------ THE INPUT ------

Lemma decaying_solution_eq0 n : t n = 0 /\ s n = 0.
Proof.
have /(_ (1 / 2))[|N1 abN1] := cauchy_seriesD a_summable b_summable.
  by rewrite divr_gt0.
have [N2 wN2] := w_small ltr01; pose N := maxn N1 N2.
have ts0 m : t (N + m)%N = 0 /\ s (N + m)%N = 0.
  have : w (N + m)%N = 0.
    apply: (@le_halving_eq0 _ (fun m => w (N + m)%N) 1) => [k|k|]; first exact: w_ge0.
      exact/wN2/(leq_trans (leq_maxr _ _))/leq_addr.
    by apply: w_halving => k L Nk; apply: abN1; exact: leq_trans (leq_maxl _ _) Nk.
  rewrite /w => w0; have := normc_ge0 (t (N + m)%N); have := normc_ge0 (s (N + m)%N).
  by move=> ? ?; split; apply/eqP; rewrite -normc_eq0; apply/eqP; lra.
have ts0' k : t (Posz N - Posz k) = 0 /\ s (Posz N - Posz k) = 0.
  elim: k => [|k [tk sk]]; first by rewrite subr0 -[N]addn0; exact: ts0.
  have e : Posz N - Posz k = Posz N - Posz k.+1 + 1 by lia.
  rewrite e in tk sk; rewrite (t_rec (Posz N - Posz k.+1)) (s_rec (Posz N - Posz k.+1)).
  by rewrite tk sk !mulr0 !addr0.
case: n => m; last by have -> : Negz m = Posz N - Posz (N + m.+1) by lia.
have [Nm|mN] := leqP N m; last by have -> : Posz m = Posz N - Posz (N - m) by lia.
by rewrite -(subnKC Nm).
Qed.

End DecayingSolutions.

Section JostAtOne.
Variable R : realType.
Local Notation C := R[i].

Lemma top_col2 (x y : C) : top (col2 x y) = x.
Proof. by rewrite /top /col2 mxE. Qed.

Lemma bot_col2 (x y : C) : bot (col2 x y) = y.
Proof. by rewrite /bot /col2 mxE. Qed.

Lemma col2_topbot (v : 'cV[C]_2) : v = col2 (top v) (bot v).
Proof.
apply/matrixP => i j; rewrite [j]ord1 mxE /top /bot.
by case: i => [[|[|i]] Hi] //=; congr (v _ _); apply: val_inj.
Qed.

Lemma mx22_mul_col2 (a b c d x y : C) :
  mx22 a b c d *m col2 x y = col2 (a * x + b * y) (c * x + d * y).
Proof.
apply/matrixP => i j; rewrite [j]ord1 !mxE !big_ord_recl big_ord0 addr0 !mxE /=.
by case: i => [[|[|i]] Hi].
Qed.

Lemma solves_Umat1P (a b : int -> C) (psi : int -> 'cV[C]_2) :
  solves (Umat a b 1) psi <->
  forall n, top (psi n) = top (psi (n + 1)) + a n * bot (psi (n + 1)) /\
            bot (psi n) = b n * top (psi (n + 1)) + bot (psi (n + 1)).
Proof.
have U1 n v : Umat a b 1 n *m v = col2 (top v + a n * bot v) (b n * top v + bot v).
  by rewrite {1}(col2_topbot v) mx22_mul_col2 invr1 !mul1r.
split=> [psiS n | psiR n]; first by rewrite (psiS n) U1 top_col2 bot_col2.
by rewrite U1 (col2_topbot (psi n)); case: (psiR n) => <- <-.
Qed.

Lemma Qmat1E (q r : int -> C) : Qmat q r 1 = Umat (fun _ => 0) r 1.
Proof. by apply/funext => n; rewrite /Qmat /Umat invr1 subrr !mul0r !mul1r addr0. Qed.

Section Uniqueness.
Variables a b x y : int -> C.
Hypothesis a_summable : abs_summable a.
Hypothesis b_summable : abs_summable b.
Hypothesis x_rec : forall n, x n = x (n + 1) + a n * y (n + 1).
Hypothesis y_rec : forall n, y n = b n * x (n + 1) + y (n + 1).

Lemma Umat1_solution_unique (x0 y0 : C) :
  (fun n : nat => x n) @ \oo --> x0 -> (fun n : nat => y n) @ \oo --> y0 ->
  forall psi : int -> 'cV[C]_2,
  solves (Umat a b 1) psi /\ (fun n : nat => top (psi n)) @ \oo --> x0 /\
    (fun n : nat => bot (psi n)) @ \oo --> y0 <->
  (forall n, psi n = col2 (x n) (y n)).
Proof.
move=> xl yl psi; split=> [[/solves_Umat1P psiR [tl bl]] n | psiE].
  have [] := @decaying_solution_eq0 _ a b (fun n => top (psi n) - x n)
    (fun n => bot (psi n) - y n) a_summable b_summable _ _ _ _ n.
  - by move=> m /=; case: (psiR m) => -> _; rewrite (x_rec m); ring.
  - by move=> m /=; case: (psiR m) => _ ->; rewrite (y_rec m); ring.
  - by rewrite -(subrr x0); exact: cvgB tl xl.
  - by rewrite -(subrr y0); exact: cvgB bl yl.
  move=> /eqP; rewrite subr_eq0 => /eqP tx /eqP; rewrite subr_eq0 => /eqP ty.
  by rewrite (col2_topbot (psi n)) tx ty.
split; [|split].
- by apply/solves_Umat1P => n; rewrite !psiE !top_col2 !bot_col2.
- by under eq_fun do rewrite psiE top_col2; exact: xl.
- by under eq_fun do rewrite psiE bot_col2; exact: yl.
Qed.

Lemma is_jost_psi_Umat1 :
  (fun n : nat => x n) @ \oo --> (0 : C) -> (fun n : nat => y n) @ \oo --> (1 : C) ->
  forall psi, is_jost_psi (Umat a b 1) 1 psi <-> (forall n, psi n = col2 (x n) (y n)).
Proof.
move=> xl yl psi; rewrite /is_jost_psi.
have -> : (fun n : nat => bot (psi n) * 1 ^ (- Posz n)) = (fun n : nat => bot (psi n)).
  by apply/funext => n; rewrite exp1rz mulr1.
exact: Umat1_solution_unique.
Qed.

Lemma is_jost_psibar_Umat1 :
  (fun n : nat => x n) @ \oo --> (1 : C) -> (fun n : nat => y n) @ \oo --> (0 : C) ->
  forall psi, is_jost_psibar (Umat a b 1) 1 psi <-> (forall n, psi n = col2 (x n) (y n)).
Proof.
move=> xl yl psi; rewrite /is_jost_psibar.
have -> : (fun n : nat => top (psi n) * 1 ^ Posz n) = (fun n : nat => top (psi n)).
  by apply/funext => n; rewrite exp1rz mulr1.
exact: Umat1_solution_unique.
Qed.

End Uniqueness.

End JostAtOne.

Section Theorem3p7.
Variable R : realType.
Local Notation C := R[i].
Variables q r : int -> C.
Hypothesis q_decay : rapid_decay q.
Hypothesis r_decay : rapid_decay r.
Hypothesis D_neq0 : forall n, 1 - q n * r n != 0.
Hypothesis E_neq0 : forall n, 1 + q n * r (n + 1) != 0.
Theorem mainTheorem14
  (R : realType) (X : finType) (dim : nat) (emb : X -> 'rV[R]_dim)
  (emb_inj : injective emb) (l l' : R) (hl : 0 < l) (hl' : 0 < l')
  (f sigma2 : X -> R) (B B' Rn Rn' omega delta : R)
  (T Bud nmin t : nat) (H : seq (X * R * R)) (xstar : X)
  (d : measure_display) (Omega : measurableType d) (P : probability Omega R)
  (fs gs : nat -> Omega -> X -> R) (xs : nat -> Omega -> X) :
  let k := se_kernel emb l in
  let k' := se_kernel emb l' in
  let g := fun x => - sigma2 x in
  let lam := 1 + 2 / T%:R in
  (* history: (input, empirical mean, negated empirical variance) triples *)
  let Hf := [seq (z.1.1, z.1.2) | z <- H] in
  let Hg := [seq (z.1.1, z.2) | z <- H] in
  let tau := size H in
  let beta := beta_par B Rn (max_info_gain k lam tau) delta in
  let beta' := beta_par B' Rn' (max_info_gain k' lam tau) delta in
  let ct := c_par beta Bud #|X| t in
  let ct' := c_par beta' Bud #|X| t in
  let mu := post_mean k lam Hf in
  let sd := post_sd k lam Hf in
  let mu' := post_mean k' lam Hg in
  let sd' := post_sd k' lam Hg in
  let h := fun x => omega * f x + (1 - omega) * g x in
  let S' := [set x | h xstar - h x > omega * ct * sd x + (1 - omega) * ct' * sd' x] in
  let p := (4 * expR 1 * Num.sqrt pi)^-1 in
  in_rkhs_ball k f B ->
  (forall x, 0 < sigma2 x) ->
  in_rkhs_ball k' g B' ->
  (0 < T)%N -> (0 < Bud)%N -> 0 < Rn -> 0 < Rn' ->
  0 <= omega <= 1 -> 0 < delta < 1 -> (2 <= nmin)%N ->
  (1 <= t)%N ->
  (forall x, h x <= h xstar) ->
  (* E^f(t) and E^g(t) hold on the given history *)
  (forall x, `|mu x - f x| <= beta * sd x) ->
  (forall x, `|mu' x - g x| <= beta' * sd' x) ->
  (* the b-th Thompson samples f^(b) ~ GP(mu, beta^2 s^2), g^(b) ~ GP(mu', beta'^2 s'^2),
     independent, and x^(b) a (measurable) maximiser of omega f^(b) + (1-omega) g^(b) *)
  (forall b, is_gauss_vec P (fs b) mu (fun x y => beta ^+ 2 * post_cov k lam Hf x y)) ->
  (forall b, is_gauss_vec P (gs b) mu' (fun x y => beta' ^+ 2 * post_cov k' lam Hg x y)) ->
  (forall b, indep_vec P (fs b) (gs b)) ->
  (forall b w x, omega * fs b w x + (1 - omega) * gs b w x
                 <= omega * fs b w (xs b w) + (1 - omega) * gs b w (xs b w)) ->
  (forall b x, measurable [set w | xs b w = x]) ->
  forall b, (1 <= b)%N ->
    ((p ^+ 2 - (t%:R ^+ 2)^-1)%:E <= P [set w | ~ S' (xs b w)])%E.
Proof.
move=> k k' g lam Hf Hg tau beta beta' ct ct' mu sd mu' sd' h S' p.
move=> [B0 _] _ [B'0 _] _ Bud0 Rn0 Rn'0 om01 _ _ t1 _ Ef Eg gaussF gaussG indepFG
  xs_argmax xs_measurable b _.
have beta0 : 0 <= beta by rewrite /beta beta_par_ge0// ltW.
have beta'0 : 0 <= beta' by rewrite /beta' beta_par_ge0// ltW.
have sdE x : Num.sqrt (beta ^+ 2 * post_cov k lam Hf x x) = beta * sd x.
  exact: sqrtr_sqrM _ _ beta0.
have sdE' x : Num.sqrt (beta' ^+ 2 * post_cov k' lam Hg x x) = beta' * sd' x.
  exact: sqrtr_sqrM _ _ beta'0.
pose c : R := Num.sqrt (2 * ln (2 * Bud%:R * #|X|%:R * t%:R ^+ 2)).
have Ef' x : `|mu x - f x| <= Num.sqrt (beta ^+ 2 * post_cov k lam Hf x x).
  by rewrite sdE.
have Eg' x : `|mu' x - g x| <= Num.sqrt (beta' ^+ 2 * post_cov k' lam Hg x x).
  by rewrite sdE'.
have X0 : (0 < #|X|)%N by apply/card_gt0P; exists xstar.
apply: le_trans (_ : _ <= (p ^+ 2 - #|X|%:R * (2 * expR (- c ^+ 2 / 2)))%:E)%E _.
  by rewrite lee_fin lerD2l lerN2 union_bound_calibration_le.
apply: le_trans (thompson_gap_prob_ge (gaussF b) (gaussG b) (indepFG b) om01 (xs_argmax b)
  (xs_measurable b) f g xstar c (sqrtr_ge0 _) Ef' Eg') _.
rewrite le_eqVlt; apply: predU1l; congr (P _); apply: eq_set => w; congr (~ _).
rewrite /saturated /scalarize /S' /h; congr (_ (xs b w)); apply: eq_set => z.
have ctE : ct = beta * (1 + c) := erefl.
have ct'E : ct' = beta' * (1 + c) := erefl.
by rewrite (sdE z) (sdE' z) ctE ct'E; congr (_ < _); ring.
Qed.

------

* AIM OF THE TASK *
In how many lines of the entries does "matrixP" appear? Reply with only the number.

* REPLY TO THE EXERCISE *
2